3. Consent to Issuance of Options. Shareholder hereby consents to
each issuance by the Company of options to purchase Common Stock to Xxxxxx Xxxx,
Xxxx Xxxx, Xxxxxx Xxxxx and Xxxxxxxx Xxxxxxxx that has occurred since the date
of the Subscription Agreement.
4. Full and Adequate Consideration. Shareholder acknowledges and
agrees that the issuance of the Warrant and the terms and conditions of this
Letter Agreement constitute full and adequate consideration for the agreements
set forth herein.
5. Registration Rights. Shareholder shall execute a counterpart
signature page to the Company's Amended and Restated Registration Rights
Agreement. Pursuant to such agreement Shareholder shall, with respect to (a) the
shares of Common Stock issuable upon exercise of the Warrant and (b) the shares
of Common Stock purchased under the Subscription Agreement, be entitled to
unlimited piggyback registration rights on registrations of the Company, subject
to the right of any underwriter retained by the Company to limit the number of
shares covered by any such registration.
6. General. Notwithstanding any other agreement, written or oral,
this Letter Agreement, together with all exhibits hereto, constitutes the entire
understanding between the parties on the subject matter hereof. Except as
otherwise provided herein, this Letter Agreement may be amended or modified only
by a writing executed by each of the parties hereto.

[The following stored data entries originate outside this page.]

(* Let $G>I$ be a finite group with $Z(G)=I$ and let $(2A,3A,C)$ be a class vector of $G$ with $l^i(2A,3A,C)>0$, where $2A$ is a class of involutions and $3A$ is a class of elements of order $3$. Then $\Sigma^i(C,C,C,2A)$ contains $B_4$-orbits of length $4$. In addition, $l^i(C,C,3A^{-1})>0$, where $3A^{-1}=\{\tau^{-1}:\tau\in 3A\}$.
   Context: $\iota$ is the identity and $I$ the trivial group. A class vector is a tuple of non-trivial conjugacy classes. $\Sigma^i(C_1,\dots,C_m)$ is the set of $G$-conjugacy classes $[\sigma_1,\dots,\sigma_m]$ (simultaneous conjugation) of tuples with $\sigma_j\in C_j$, $\langle\sigma_1,\dots,\sigma_m\rangle=G$, $\sigma_1\cdots\sigma_m=\iota$, and $l^i(C_1,\dots,C_m)=|\Sigma^i(C_1,\dots,C_m)|$. The Hurwitz braid group $H_4=\langle\beta_2,\beta_3,\beta_4\rangle$ acts from the right by $[\underline{\sigma}]^{\beta_2}=[\sigma_1\sigma_2\sigma_1^{-1},\sigma_1,\sigma_3,\sigma_4]$, $[\underline{\sigma}]^{\beta_3}=[\sigma_1,\sigma_2\sigma_3\sigma_2^{-1},\sigma_2,\sigma_4]$, $[\underline{\sigma}]^{\beta_4}=[\sigma_1,\sigma_2,\sigma_3\sigma_4\sigma_3^{-1},\sigma_3]$, and the pure braid group $B_4$ is generated by $\beta_{12}=\beta_2^2$, $\beta_{13}=\beta_2^{-1}\beta_3^2\beta_2$, $\beta_{14}=\beta_2^{-1}\beta_3^{-1}\beta_4^2\beta_3\beta_2$, $\beta_{23}=\beta_3^2$, $\beta_{24}=\beta_3^{-1}\beta_4^2\beta_3$, $\beta_{34}=\beta_4^2$; it preserves each $\Sigma^i(C_1,\dots,C_4)$. *)

From mathcomp Require Import all_boot all_fingroup all_solvable.
Set Implicit Arguments. Unset Strict Implicit. Unset Printing Implicit Defensive.
Local Open Scope group_scope.

Section Braid.
Variable gT : finGroupType.

Definition T3 := (gT * gT * gT)%type.
Definition T4 := (gT * gT * gT * gT)%type.

Definition s1 (t : T4) := t.1.1.1.
Definition s2 (t : T4) := t.1.1.2.
Definition s3 (t : T4) := t.1.2.
Definition s4 (t : T4) := t.2.

Definition tconj3 (t : T3) (g : gT) : T3 := (t.1.1 ^ g, t.1.2 ^ g, t.2 ^ g).
Definition tconj4 (t : T4) (g : gT) : T4 := (s1 t ^ g, s2 t ^ g, s3 t ^ g, s4 t ^ g).

Definition tclass3 (G : {set gT}) (t : T3) : {set T3} := [set tconj3 t g | g in G].
Definition tclass4 (G : {set gT}) (t : T4) : {set T4} := [set tconj4 t g | g in G].

Definition gtuples3 (G C1 C2 C3 : {set gT}) : {set T3} :=
  [set t : T3 | [&& t.1.1 \in C1, t.1.2 \in C2, t.2 \in C3,
     <<[set t.1.1; t.1.2; t.2]>> == G & t.1.1 * t.1.2 * t.2 == 1]].
Definition gtuples4 (G C1 C2 C3 C4 : {set gT}) : {set T4} :=
  [set t : T4 | [&& s1 t \in C1, s2 t \in C2, s3 t \in C3, s4 t \in C4,
     <<[set s1 t; s2 t; s3 t; s4 t]>> == G & s1 t * s2 t * s3 t * s4 t == 1]].
(* In $NOM$, writing $\phi\vee\psi$ for $\neg(\neg\phi\wedge\neg\psi)$, the following rules are derivable for all finite sequences $\Gamma$ and formulas $\phi,\psi,\chi$: from $\Gamma\vdash\phi$ infer $\Gamma\vdash\phi\vee\psi$; from $\Gamma\vdash\psi$ infer $\Gamma\vdash\phi\vee\psi$; and from the five premises $\Gamma\vdash\phi\vee\psi$, $\Gamma,\phi\vdash\chi$, $\Gamma,\psi\vdash\chi$, $\Gamma,\chi,\phi\vdash\chi$, $\Gamma,\chi,\psi\vdash\chi$ infer $\Gamma\vdash\chi$.
   Context: The propositional deductive system $NOM$: formulas are built from propositional letters using $\wedge$, $\rightarrow$, $\neg$. Sequents are $\phi_1,\ldots,\phi_n\vdash\psi$ ($n\ge0$) with antecedent a finite ordered sequence. With $\Gamma$ a finite possibly empty sequence of formulas and $\phi,\psi,\chi$ formulas, the rules of $NOM$ are: (assumption) $\Gamma,\phi\vdash\phi$; (cut) $\Gamma\vdash\phi$, $\Gamma,\phi\vdash\psi$ $\Rightarrow$ $\Gamma\vdash\psi$; (paste) $\Gamma\vdash\phi$, $\Gamma\vdash\psi$ $\Rightarrow$ $\Gamma,\phi\vdash\psi$; (compatible exchange) $\Gamma,\phi,\psi\vdash\phi$, $\Gamma,\phi,\psi\vdash\chi$, $\Gamma,\psi,\phi\vdash\psi$ $\Rightarrow$ $\Gamma,\psi,\phi\vdash\chi$; ($\wedge$-intro) $\Gamma\vdash\phi$, $\Gamma\vdash\psi$ $\Rightarrow$ $\Gamma\vdash\phi\wedge\psi$; ($\wedge$-elim) $\Gamma\vdash\phi\wedge\psi$ $\Rightarrow$ $\Gamma\vdash\phi$ and $\Rightarrow$ $\Gamma\vdash\psi$; ($\rightarrow$-intro) $\Gamma,\phi\vdash\psi$ $\Rightarrow$ $\Gamma\vdash\phi\rightarrow\psi$; ($\rightarrow$-elim) $\Gamma\vdash\phi\rightarrow\psi$ $\Rightarrow$ $\Gamma,\phi\vdash\psi$; (excluded middle) $\Gamma,\phi\vdash\psi$, $\Gamma,\neg\phi\vdash\psi$ $\Rightarrow$ $\Gamma\vdash\psi$; (explosion) $\Gamma\vdash\neg\phi$ $\Rightarrow$ $\Gamma,\phi\vdash\psi$. A rule schema is derivable if in every instance its conclusion can be derived from its premises using these rules. *)

From Stdlib Require Import List.
Import ListNotations.

Inductive form : Type :=
| Var : nat -> form
| And : form -> form -> form
| Imp : form -> form -> form
| Neg : form -> form.

Definition Or (phi psi : form) : form := Neg (And (Neg phi) (Neg psi)).

(* Sequents Gamma |- phi with Gamma an ordered finite list; "Gamma, phi" is
   Gamma ++ [phi].  [Der Hyp G phi] : the sequent G |- phi is derivable in NOM
   from the extra premise sequents in Hyp (used to express derivability of
   a rule: its conclusion is derivable from its premises). *)
Inductive Der (Hyp : list form -> form -> Prop) : list form -> form -> Prop :=
| d_prem : forall G phi, Hyp G phi -> Der Hyp G phi
| d_assum : forall G phi, Der Hyp (G ++ [phi]) phi
| d_cut : forall G phi psi,
    Der Hyp G phi -> Der Hyp (G ++ [phi]) psi -> Der Hyp G psi
| d_paste : forall G phi psi,
    Der Hyp G phi -> Der Hyp G psi -> Der Hyp (G ++ [phi]) psi
| d_cexch : forall G phi psi chi,
    Der Hyp (G ++ [phi; psi]) phi ->
    Der Hyp (G ++ [phi; psi]) chi ->
    Der Hyp (G ++ [psi; phi]) psi ->
    Der Hyp (G ++ [psi; phi]) chi
| d_andI : forall G phi psi,
    Der Hyp G phi -> Der Hyp G psi -> Der Hyp G (And phi psi)
| d_andE1 : forall G phi psi, Der Hyp G (And phi psi) -> Der Hyp G phi
| d_andE2 : forall G phi psi, Der Hyp G (And phi psi) -> Der Hyp G psi
| d_impI : forall G phi psi,
    Der Hyp (G ++ [phi]) psi -> Der Hyp G (Imp phi psi)
| d_impE : forall G phi psi,
    Der Hyp G (Imp phi psi) -> Der Hyp (G ++ [phi]) psi
| d_em : forall G phi psi,
    Der Hyp (G ++ [phi]) psi -> Der Hyp (G ++ [Neg phi]) psi -> Der Hyp G psi
| d_expl : forall G phi psi,
    Der Hyp G (Neg phi) -> Der Hyp (G ++ [phi]) psi.

Definition premises (l : list (list form * form)) : list form -> form -> Prop :=
  fun G phi => In (G, phi) l.

(* Disjunction introduction is the contrapositive of conjunction elimination,
   once double negation is derivable.  For disjunction elimination it suffices
   to contrapose the two case premises, Γ,¬χ ⊢ ¬φ and Γ,¬χ ⊢ ¬ψ: together they
   refute Γ ⊢ φ ∨ ψ in the context Γ,¬χ, and excluded middle on χ concludes.
   NOM has neither weakening nor free exchange, so the contraposition goes
   through the formula κ := χ ∧ (φ → χ): the cumulativity premise Γ,χ,φ ⊢ χ
   gives Γ,χ ⊢ κ, which makes the contexts Γ,¬χ and Γ,¬κ interderivable, and
   in Γ,¬κ the implication φ → χ, proved in Γ, is still available. *)

From Stdlib Require Import List.
Import ListNotations.

Section Derived.

Variable Hyp : list form -> form -> Prop.

Local Notation "G ⊢ phi" := (Der Hyp G phi) (at level 70, no associativity).

Lemma der_cexch_snoc G phi psi chi :
  (G ++ [phi]) ++ [psi] ⊢ phi -> (G ++ [phi]) ++ [psi] ⊢ chi ->
  (G ++ [psi]) ++ [phi] ⊢ psi -> (G ++ [psi]) ++ [phi] ⊢ chi.
Proof.
  rewrite <- !app_assoc; simpl.
  apply d_cexch.
Qed.

Lemma der_expl2 G phi psi chi : G ⊢ Neg phi -> (G ++ [phi]) ++ [psi] ⊢ chi.
Proof. intros h. apply d_expl, d_expl, h. Qed.

Lemma der_dne G phi : G ⊢ Neg (Neg phi) -> G ⊢ phi.
Proof.
  intros h. apply d_em with phi.
  - apply d_assum.
  - apply d_expl, h.
Qed.

Lemma der_dni G phi : G ⊢ phi -> G ⊢ Neg (Neg phi).
Proof.
  intros h.
  assert (himp : G ⊢ Imp phi (Neg (Neg phi))).
  { apply d_em with (Neg phi); apply d_impI.
    - apply d_expl, d_assum.
    - apply d_paste.
      + apply der_dne, d_assum.
      + apply d_assum. }
  apply d_cut with phi; [exact h |].
  apply d_impE, himp.
Qed.

Lemma der_mt G phi psi : G ⊢ Neg psi -> G ++ [phi] ⊢ psi -> G ⊢ Neg phi.
Proof.
  intros hnpsi hpsi. apply d_em with phi; [| apply d_assum].
  apply d_cut with psi; [exact hpsi |].
  apply der_cexch_snoc.
  - apply der_expl2, hnpsi.
  - apply der_expl2, hnpsi.
  - apply d_paste; [exact hpsi | apply d_assum].
Qed.

Lemma der_last_equiv G phi psi chi :
  G ++ [phi] ⊢ psi -> G ++ [psi] ⊢ phi -> G ++ [psi] ⊢ chi -> G ++ [phi] ⊢ chi.
Proof.
  intros hpsi hphi hchi. apply d_cut with psi; [exact hpsi |].
  apply der_cexch_snoc.
  - apply d_paste; [exact hphi | apply d_assum].
  - apply d_paste; [exact hphi | exact hchi].
  - apply d_paste; [exact hpsi | apply d_assum].
Qed.

(* A substitute for the missing weakening rule. *)
Lemma der_weaken_neg G phi psi :
  G ⊢ phi -> (forall T, T ++ [psi] ⊢ phi) -> G ++ [Neg psi] ⊢ phi.
Proof.
  intros hphi hpsi. apply d_em with phi; [apply d_assum |].
  apply der_cexch_snoc.
  - apply der_expl2, der_dni, hphi.
  - apply der_expl2, der_dni, hphi.
  - apply der_mt with phi; [apply d_assum | apply hpsi].
Qed.

Lemma der_neg_andl G phi psi : G ++ [Neg phi] ⊢ Neg (And phi psi).
Proof.
  apply der_mt with phi; [apply d_assum |].
  apply d_andE1 with psi, d_assum.
Qed.

Lemma der_neg_andl_conv G phi psi :
  G ++ [phi] ⊢ And phi psi -> G ++ [Neg (And phi psi)] ⊢ Neg phi.
Proof.
  intros hand. set (K := And phi psi).
  assert (hK : (G ++ [Neg K]) ++ [phi] ⊢ Neg K).
  { apply der_last_equiv with (Neg (Neg phi)).
    - apply der_dni, d_assum.
    - apply der_dne, d_assum.
    - apply der_weaken_neg; [apply d_assum | intros T; apply der_neg_andl]. }
  apply d_em with phi; [| apply d_assum].
  apply der_cexch_snoc; [| | exact hK]; apply d_expl, der_dni, hand.
Qed.

Lemma der_contrapose G phi chi :
  G ++ [phi] ⊢ chi -> G ++ [chi; phi] ⊢ chi -> G ++ [Neg chi] ⊢ Neg phi.
Proof.
  intros hchi hcum. set (K := And chi (Imp phi chi)).
  assert (hKchi : G ++ [Neg K] ⊢ Neg chi).
  { apply der_neg_andl_conv, d_andI; [apply d_assum |].
    apply d_impI. rewrite <- app_assoc. exact hcum. }
  assert (hKimp : G ++ [Neg K] ⊢ Imp phi chi).
  { apply der_weaken_neg; [apply d_impI, hchi |].
    intros T. apply d_andE2 with chi, d_assum. }
  apply der_last_equiv with (Neg K); [apply der_neg_andl | exact hKchi |].
  apply der_mt with chi; [exact hKchi | apply d_impE, hKimp].
Qed.

Lemma der_orIl G phi psi : G ⊢ phi -> G ⊢ Or phi psi.
Proof.
  intros h. apply der_mt with (Neg phi); [apply der_dni, h |].
  apply d_andE1 with (Neg psi), d_assum.
Qed.

Lemma der_orIr G phi psi : G ⊢ psi -> G ⊢ Or phi psi.
Proof.
  intros h. apply der_mt with (Neg psi); [apply der_dni, h |].
  apply d_andE2 with (Neg phi), d_assum.
Qed.

Lemma der_orE G phi psi chi :
  G ⊢ Or phi psi -> G ++ [phi] ⊢ chi -> G ++ [psi] ⊢ chi ->
  G ++ [chi; phi] ⊢ chi -> G ++ [chi; psi] ⊢ chi -> G ⊢ chi.
Proof.
  intros hor hphi hpsi hcphi hcpsi.
  apply der_dne, der_mt with (And (Neg phi) (Neg psi)); [exact hor |].
  apply d_andI; apply der_contrapose; assumption.
Qed.

End Derived.

Ltac premise := apply d_prem; unfold premises; simpl; auto 6.

Theorem corollary4p6 :
  (forall (G : list form) (phi psi : form),
      Der (premises [(G, phi)]) G (Or phi psi)) /\
  (forall (G : list form) (phi psi : form),
      Der (premises [(G, psi)]) G (Or phi psi)) /\
  (forall (G : list form) (phi psi chi : form),
      Der (premises [(G, Or phi psi); (G ++ [phi], chi); (G ++ [psi], chi);
                     (G ++ [chi; phi], chi); (G ++ [chi; psi], chi)])
          G chi).
Proof.
  split; [| split]; intros.
  - apply der_orIl; premise.
  - apply der_orIr; premise.
  - apply der_orE with phi psi; premise.
Qed.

This Letter Agreement and
the rights and obligations of the parties set forth herein shall be governed by,
construed and interpreted in accordance with the laws of the State of New
Jersey, without regard to conflicts of law principles. This Letter Agreement may
be executed in one or more counterparts, all of which when fully executed and
delivered by all parties and taken together shall constitute a single agreement,
binding against each of the parties. To the maximum extent permitted by law or
by any applicable governmental authority, this Letter Agreement may be signed
and transmitted by facsimile with the same validity as if it were an ink-signed
document. This Letter Agreement shall inure to the benefit of, and be binding
upon, the parties hereto and their respective successors and assigns. The
prevailing party in any action to enforce the terms of this Letter Agreement
shall be entitled to payment of its fees and expenses (including, without
limitation, attorneys' fees) incurred in connection with such action.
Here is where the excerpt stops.